4. If You Have $10.9 Million This Former Straus Property Could Be Yours
The Straus inheritors wanted to live big in Red Bank, New Jersey. So they decided to build a huge estate on 29,000 square feet that would have included a 27-room chateau had the Great Depression not slowed down and ended construction. They did build some fine buildings based on 18th century Provence and imported nearly everything to make it look right. What could not be imported was made by French and Italian artisans who came over to do the job. It was sold in 1951 and the houses became part of a co-op. This being a very wealthy area though, it was not a commune but a very nice place for those with lots of money to live in a lovely estate and share common amenities like a pool (important on those hot summer days). Now the whole thing is up for sale. Just fork over $10.9 million and it is yours. Pool included.
Not Titanic
1. I like the ABC show Castle. And like everyone was stunned at how last season ended. We are now two episodes into this season and this is what we learned:that Richard Castle has a very dark secret. And somehow that caught up with him just before the wedding. And he apparently, in conjunction with others to cover it up (possibly not by choice), staged the disappearance and likely used drugs of some kind to permanently loose those memories. Does anyone think the movie Total Recall is being done on us just with a Castle twist? Personally it would have been more likely had old enemies of his father had staged it. Hey, maybe they did for all we know. Not really liking this at all. One hopes down the road Kate does not wake up to find it is the day of the wedding and all that happened really was a dream.

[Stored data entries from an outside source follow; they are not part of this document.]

(* $\dim_H F(1/2,1)\le \frac12$.
   Context: Every $x\in(0,1)\setminus\mathbb{Q}$ has a unique infinite continued fraction expansion $x=[a_1(x),a_2(x),\dots]$ with partial quotients $a_i(x)\in\mathbb{N}=\{1,2,\dots\}$. For $n\in\mathbb{N}$ let $T_n(x):=\max\{a_k(x):1\le k\le n\}$. Define $$F(1/2,1):=\Big\{x\in(0,1)\setminus\mathbb{Q}:\ \lim_{n\to\infty}\frac{T_n(x)}{e^{\sqrt{n}}}=1\Big\}.$$ $\dim_H$ denotes Hausdorff dimension. *)

From Stdlib Require Import Reals Lra ZArith.
Open Scope R_scope.

Definition gauss (x : R) : R := / x - IZR (Int_part (/ x)).

Fixpoint gauss_iter (n : nat) (x : R) : R :=
  match n with
  | O => x
  | S m => gauss (gauss_iter m x)
  end.

(** Partial quotient a_k(x) = floor(1 / T^{k-1}(x)), for k >= 1
    (for irrational x in (0,1) this is the k-th partial quotient of
    x = [a_1(x), a_2(x), ...]). *)
Definition pq (k : nat) (x : R) : nat :=
  Z.to_nat (Int_part (/ gauss_iter (k - 1) x)).

Fixpoint Tmax (n : nat) (x : R) : nat :=
  match n with
  | O => 0%nat
  | S m => Nat.max (Tmax m x) (pq (S m) x)
  end.

Definition irrational (x : R) : Prop :=
  ~ exists (p q : Z), q <> 0%Z /\ x = IZR p / IZR q.

Definition F_half_one (x : R) : Prop :=
  0 < x < 1 /\ irrational x /\
  Un_cv (fun n => INR (Tmax n x) / exp (sqrt (INR n))) 1.

Definition diam_le (U : R -> Prop) (r : R) : Prop :=
  forall x y, U x -> U y -> Rabs (x - y) <= r.

Definition Hdelta_null (s delta : R) (E : R -> Prop) : Prop :=
  forall eps, 0 < eps ->
    exists (U : nat -> R -> Prop) (r : nat -> R) (l : R),
      (forall i, 0 < r i /\ r i <= delta /\ diam_le (U i) (r i))
      /\ (forall x, E x -> exists i, U i x)
      /\ infinite_sum (fun i => Rpower (r i) s) l
      /\ l < eps.

Definition Hausdorff_null (s : R) (E : R -> Prop) : Prop :=
  forall delta, 0 < delta -> Hdelta_null s delta E.

Definition is_glb (P : R -> Prop) (m : R) : Prop :=
  (forall y, P y -> m <= y) /\ (forall b, (forall y, P y -> b <= y) -> b <= m).

Definition is_hausdorff_dim (E : R -> Prop) (d : R) : Prop :=
  is_glb (fun s => 0 <= s /\ Hausdorff_null s E) d.

From Stdlib Require Import Reals Lra Lia ZArith List IndefiniteDescription.
Open Scope R_scope.
(* x is one of  +-e_i +- e_j (i < j): exactly the coordinates i and j are
   nonzero (and they are then +-1). *)
Definition is_root_ee (x : vec) : bool :=
  [exists i : 'I_8, exists j : 'I_8,
     (i < j)%N && [forall k : 'I_8, (coord (x k) != 0) == ((k == i) || (k == j))]].
Definition is_root_pm (x : vec) : bool :=
  [forall k : 'I_8, coord (x k) != 0] && (\prod_(k < 8) coord (x k) == 1).
Definition is_root (x : vec) : bool := is_root_ee x || is_root_pm x.

(* A vertex {x,-x} is represented by its unique member whose first nonzero
   coordinate is positive. *)
Definition is_canon (x : vec) : bool :=
  [forall k : 'I_8,
     ([forall k' : 'I_8, (k' < k)%N ==> (coord (x k') == 0)] && (coord (x k) != 0))
       ==> (coord (x k) == 1)].
Definition vertex := {x : vec | is_root x && is_canon x}.

Definition dotZ (a b : 'cV[int]_8) : int := \sum_(i < 8) a i 0 * b i 0.

Definition adj (a b : vertex) : bool := dotZ (vecZ (val a)) (vecZ (val b)) == 0.

Definition walkb (n : nat) (a b : vertex) : bool :=
  [exists p : n.-tuple vertex, path adj a p && (last a p == b)].
(* d(a,b) = the least length of a walk from a to b (a shortest walk has length
   < #|vertex|; the value #|vertex| would stand for "infinity", but G_{E8} is
   connected). *)
Definition gdist (a b : vertex) : nat :=
  find (fun n => walkb n a b) (iota 0 #|{: vertex}|).

Definition PI : 'M[int]_2 := 1%:M.
Definition PX : 'M[int]_2 := \matrix_(i, j) (i != j)%:R.
Definition PZ : 'M[int]_2 :=
  \matrix_(i, j) (if i == j then (if i == 0 then 1 else -1) else 0).
Definition PY : 'M[int]_2 := PX *m PZ.
Definition pauli (c : 'I_4) : 'M[int]_2 :=
  match nat_of_ord c with 0 => PI | 1 => PX | 2 => PY | _ => PZ end%N.

(* Kronecker product convention: index i < 8 corresponds to (a1,a2,a3) with
   i = 4 a1 + 2 a2 + a3, a1 the index of the first tensor factor. *)
Definition bit2 (i : 'I_8) : 'I_2 := inord (i %/ 4).
Definition bit1 (i : 'I_8) : 'I_2 := inord ((i %/ 2) %% 2).
Definition bit0 (i : 'I_8) : 'I_2 := inord (i %% 2).
Definition kron3 (A B C : 'M[int]_2) : 'M[int]_8 :=
  \matrix_(i, j) (A (bit2 i) (bit2 j) * B (bit1 i) (bit1 j) * C (bit0 i) (bit0 j)).

Definition Lelt := ('I_4 * 'I_4 * 'I_4)%type.
Definition Lmx (m : Lelt) : 'M[int]_8 :=
  kron3 (pauli m.1.1) (pauli m.1.2) (pauli m.2).

Definition Lrel (a b : 'cV[int]_8) : bool :=
  [exists m : Lelt, (Lmx m *m a == b) || (Lmx m *m a == - b)].
Definition same_orbit (k s : vertex) : bool := Lrel (vecZ (val k)) (vecZ (val s)).

Definition Proj (a : 'cV[int]_8) : 'M[algC]_8 :=
  let aC := map_mx (fun z : int => z%:~R : algC) a in
  ((dotZ a a)%:~R)^-1 *: (aC *m (map_mx (fun z : algC => z^*) aC)^T).

(* Given the choice w (w v = the chosen representative w_i of the orbit V_i
   containing v) and the choice Mch (Mch y z = M_{yz}), the entry
   u_{v_y v_z} = P_{M_{yz} w_i} for v_y, v_z in V_i. *)
Definition uent (w : vertex -> vec) (Mch : vertex -> vertex -> Lelt)
  (k s : vertex) : 'M[algC]_8 :=
  Proj (Lmx (Mch k s) *m vecZ (w k)).

(* Up to sign, the elements M_1 (x) M_2 (x) M_3 of L are the Weyl operators
   W(x, z) = X^x Z^z, (x, z) in F_2^3 x F_2^3; they act on Z^8 by signed
   permutations, are orthogonal, and compose and transpose up to sign, labels
   adding in F_2^6.  Since P_a P_b = 0 iff <a, b> = 0, only orthogonality
   matters, and it ignores signs.  Writing w_k = +-W_A k, w_l = +-W_B l,
   s = +-W_M k and t = +-W_N l, every inner product in the statement becomes
   <k, W_p l> up to sign, for p = A + B, M + N and A + B + M + N.  The key fact,
   checked by computation on one root from each of the 15 orbits and
   transported along the orbits, is that for k, l in different orbits
   p |-> [<k, W_p l> = 0] + [<k, l> = 0] is a character of F_2^6.  Hence
   [<W_M w_k, W_N w_l> = 0] = [<w_k, w_l> = 0] + [<s, t> = 0] + [<k, l> = 0].
   Finally G_E8 has diameter 2 (again by computation), so for k <> l and
   s <> t, d(k, l) = d(s, t) iff [<k, l> = 0] = [<s, t> = 0]. *)

From Pilot Require Import Defs.
From HB Require Import structures.
From mathcomp Require Import all_boot all_order all_algebra all_field.
From mathcomp Require Import ring.
Import Order.TTheory GRing.Theory Num.Theory.
Local Open Scope ring_scope.


(** * Bit vectors and Weyl operators *)

Definition bits3 := (bool * bool * bool)%type.
Definition zero3 : bits3 := (false, false, false).
Definition addb3 (a b : bits3) : bits3 := (a.1.1 (+) b.1.1, a.1.2 (+) b.1.2, a.2 (+) b.2).
Definition dotb3 (a b : bits3) : bool := (a.1.1 && b.1.1) (+) (a.1.2 && b.1.2) (+) (a.2 && b.2).

Lemma addb3A : associative addb3.
Proof. by move=> a b c; rewrite /addb3 /= !addbA. Qed.

Lemma addb30 : right_id zero3 addb3.
Proof. by case=> [[? ?] ?]; rewrite /addb3 /= !addbF. Qed.

Lemma addb3xx a : addb3 a a = zero3.
Proof. by rewrite /addb3 !addbb. Qed.

Lemma addb3K a : cancel (addb3^~ a) (addb3^~ a).
Proof. by move=> b; rewrite -addb3A addb3xx addb30. Qed.

Lemma addb3_eq a b x : (a == addb3 b x) = (b == addb3 a x).
Proof. by apply/eqP/eqP=> ->; rewrite addb3K. Qed.

Lemma addb3ACA : interchange addb3 addb3.
Proof. by move=> a b c d; rewrite /addb3 /=; congr (_, _, _); apply: addbACA. Qed.

Lemma dotb3C : commutative dotb3.
Proof. by move=> a b; rewrite /dotb3 andbC [a.1.2 && _]andbC [a.2 && _]andbC. Qed.

Lemma dotb3Dl a b c : dotb3 (addb3 a b) c = dotb3 a c (+) dotb3 b c.
Proof.
by case: a => [[[] []] []]; case: b => [[[] []] []]; case: c => [[[] []] []].
Qed.

Lemma dotb3Dr a b c : dotb3 a (addb3 b c) = dotb3 a b (+) dotb3 a c.
Proof. by rewrite ![dotb3 a _]dotb3C dotb3Dl. Qed.

Definition bits (n : nat) : bits3 := (odd (n %/ 4), odd (n %/ 2), odd n).
Definition unbits (b : bits3) : nat := (4 * b.1.1 + 2 * b.1.2 + b.2)%N.

Lemma unbits_lt b : (unbits b < 8)%N.
Proof. by case: b => [[[] []] []]. Qed.

Lemma unbitsK : cancel unbits bits.
Proof. by case=> [[[] []] []]. Qed.

Lemma bitsK n : (n < 8)%N -> unbits (bits n) = n.
Proof. by do 8?case: n => [//|n]. Qed.

Definition ord_of_bits (b : bits3) : 'I_8 := Ordinal (unbits_lt b).

Lemma ord_of_bitsK : cancel (fun i : 'I_8 => bits i) ord_of_bits.
Proof. by move=> i; apply: val_inj; rewrite /= bitsK. Qed.

Lemma eq_bits (i j : 'I_8) : (bits i == bits j) = (i == j).
Proof. by apply/eqP/eqP=> [/(congr1 ord_of_bits)|->//]; rewrite !ord_of_bitsK. Qed.

Lemma bits_ord_of_bits b : bits (ord_of_bits b) = b.
Proof. exact: unbitsK. Qed.

Definition label := (bits3 * bits3)%type.
Definition addl (p q : label) : label := (addb3 p.1 q.1, addb3 p.2 q.2).

Lemma addlACA : interchange addl addl.
Proof. by move=> p q p' q'; rewrite /addl /=; congr (_, _); apply: addb3ACA. Qed.

(* [weyl (x, z)] is the Pauli operator X^x Z^z on (C^2)^(x)3, the basis vector
   e_i being indexed by the bit vector [bits i]. *)
Definition weyl (p : label) : 'M[int]_8 :=
  \matrix_(i, j) if bits j == addb3 (bits i) p.1 then (-1) ^+ dotb3 p.2 (bits j) else 0.

Definition xbit (c : 'I_4) : bool := (c == 1 :> nat) || (c == 2 :> nat).
Definition zbit (c : 'I_4) : bool := (c == 2 :> nat) || (c == 3 :> nat).
Definition plabel (m : Lelt) : label :=
  ((xbit m.1.1, xbit m.1.2, xbit m.2), (zbit m.1.1, zbit m.1.2, zbit m.2)).

Lemma pauliE c (a b : 'I_2) :
  pauli c a b = if odd b == odd a (+) xbit c then (-1) ^+ (zbit c && odd b) else 0.
Proof.
case: c => [[|[|[|[|//]]]] ?]; rewrite /pauli /= /PI /PX /PY /PZ ?mxE;
  try rewrite !big_ord_recl big_ord0 !mxE;
  by case: a => [[|[|//]] ?]; case: b => [[|[|//]] ?].
Qed.

Lemma bits_bit (i : 'I_8) : bits i = (odd (bit2 i), odd (bit1 i), odd (bit0 i)).
Proof. by case: i => -[|[|[|[|[|[|[|[|n]]]]]]]] hi //; rewrite /bit2 /bit1 /bit0 !inordK. Qed.

Lemma Lmx_weyl m : Lmx m = weyl (plabel m).
Proof.
apply/matrixP => i j; rewrite !mxE !pauliE !bits_bit /addb3 /dotb3 /= !xpair_eqE.
by do 3!case: eqP => _; rewrite /= ?mulr0 ?mul0r // -!signr_addb.
Qed.

Lemma weyl_row_sum p (i : 'I_8) (F : 'I_8 -> int) :
  \sum_j weyl p i j * F j =
  (-1) ^+ dotb3 p.2 (addb3 (bits i) p.1) * F (ord_of_bits (addb3 (bits i) p.1)).
Proof.
rewrite (bigD1 (ord_of_bits (addb3 (bits i) p.1))) //= big1 ?addr0 => [|j ne_j].
  by rewrite mxE bits_ord_of_bits eqxx.
rewrite mxE; case: eqP => [bj|]; last by rewrite mul0r.
by case/eqP: ne_j; rewrite -bj ord_of_bitsK.
Qed.

Lemma weyl_mul p q : weyl p *m weyl q = (-1) ^+ dotb3 p.2 q.1 *: weyl (addl p q).
Proof.
apply/matrixP => i j; rewrite !mxE weyl_row_sum !mxE bits_ord_of_bits -addb3A.
case: eqP => [->|_]; last by rewrite !mulr0.
rewrite -!signr_addb !(dotb3Dr, dotb3Dl).
by case: (dotb3 p.2 (bits i)); case: (dotb3 p.2 p.1); case: (dotb3 p.2 q.1);
   case: (dotb3 q.2 (bits i)); case: (dotb3 q.2 p.1); case: (dotb3 q.2 q.1).
Qed.

Lemma weyl_tr p : (weyl p)^T = (-1) ^+ dotb3 p.2 p.1 *: weyl p.
Proof.
apply/matrixP => i j; rewrite !mxE addb3_eq.
case: eqP => [bi|_]; last by rewrite mulr0.
by rewrite bi -signr_addb dotb3Dr addbCA addbb addbF.
Qed.

Lemma weyl0 : weyl (zero3, zero3) = 1.
Proof.
by apply/matrixP => i j; rewrite !mxE /= addb30 eq_bits eq_sym; case: eqP.
Qed.

Lemma pauli_bits_surj x z : exists c : 'I_4, (xbit c, zbit c) = (x, z).
Proof.
by case: x; case: z; [exists (inord 2) | exists (inord 1) | exists (inord 3) | exists (inord 0)];
   rewrite /xbit /zbit inordK.
Qed.

Lemma plabel_surj p : exists m, plabel m = p.
Proof.
case: p => [[[x1 x2] x3] [[z1 z2] z3]].
have [c1 [<- <-]] := pauli_bits_surj x1 z1.
have [c2 [<- <-]] := pauli_bits_surj x2 z2.
by have [c3 [<- <-]] := pauli_bits_surj x3 z3; exists (c1, c2, c3).
Qed.


(** * Orthogonality up to sign *)

Lemma dotZE (a b : 'cV[int]_8) : dotZ a b = (a^T *m b) 0 0.
Proof. by rewrite mxE; apply: eq_bigr => i _; rewrite mxE. Qed.

Lemma dotZ_weyl p a b : dotZ (weyl p *m a) b = (-1) ^+ dotb3 p.2 p.1 * dotZ a (weyl p *m b).
Proof. by rewrite !dotZE trmx_mul weyl_tr -scalemxAr -scalemxAl -mulmxA mxE. Qed.

Lemma dotZ_self_eq0 (a : 'cV[int]_8) : (dotZ a a == 0) = (a == 0).
Proof.
rewrite /dotZ psumr_eq0 => [|i _]; last by rewrite -expr2 sqr_ge0.
apply/allP/eqP => [a0|-> i _]; last by rewrite mxE mul0r.
apply/matrixP => i j; rewrite (ord1 j) !mxE; apply/eqP.
by move: (a0 i (mem_index_enum i)); rewrite mulf_eq0 orbb.
Qed.

Definition orth (a b : 'cV[int]_8) : bool := dotZ a b == 0.

Lemma orth_weyl p a b : orth (weyl p *m a) b = orth a (weyl p *m b).
Proof. by rewrite /orth dotZ_weyl mulf_eq0 signr_eq0. Qed.

Definition pm_eq (a b : 'cV[int]_8) : bool := (a == b) || (a == - b).

Lemma pm_eq_refl : reflexive pm_eq.
Proof. by move=> a; rewrite /pm_eq eqxx. Qed.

2. Hells Kitchen continues its tradition of D list cooks who seemingly fall apart under the intense scrutiny of Chef Hell (Ramsay) and his assistants. It is becoming easier though to pick the ones that are clearly just there to cause problems in the group.
3. Someone needs to tell the folks over at Amazing Race we really do not care or need to know someone really had to go to the bathroom bad during the race. But we also found out in the first episode that some people really are quite stupid. One of the real estate gals actually said the sun rises in the west and settles in the east. The stunned looks on the two who heard her say that was funny. Needless to say the real estate gals were eliminated. Hopefully by now they have figured where the sun actually rises and sets. And it has been doing it exactly that way for a very long, long time.
That’s all folks!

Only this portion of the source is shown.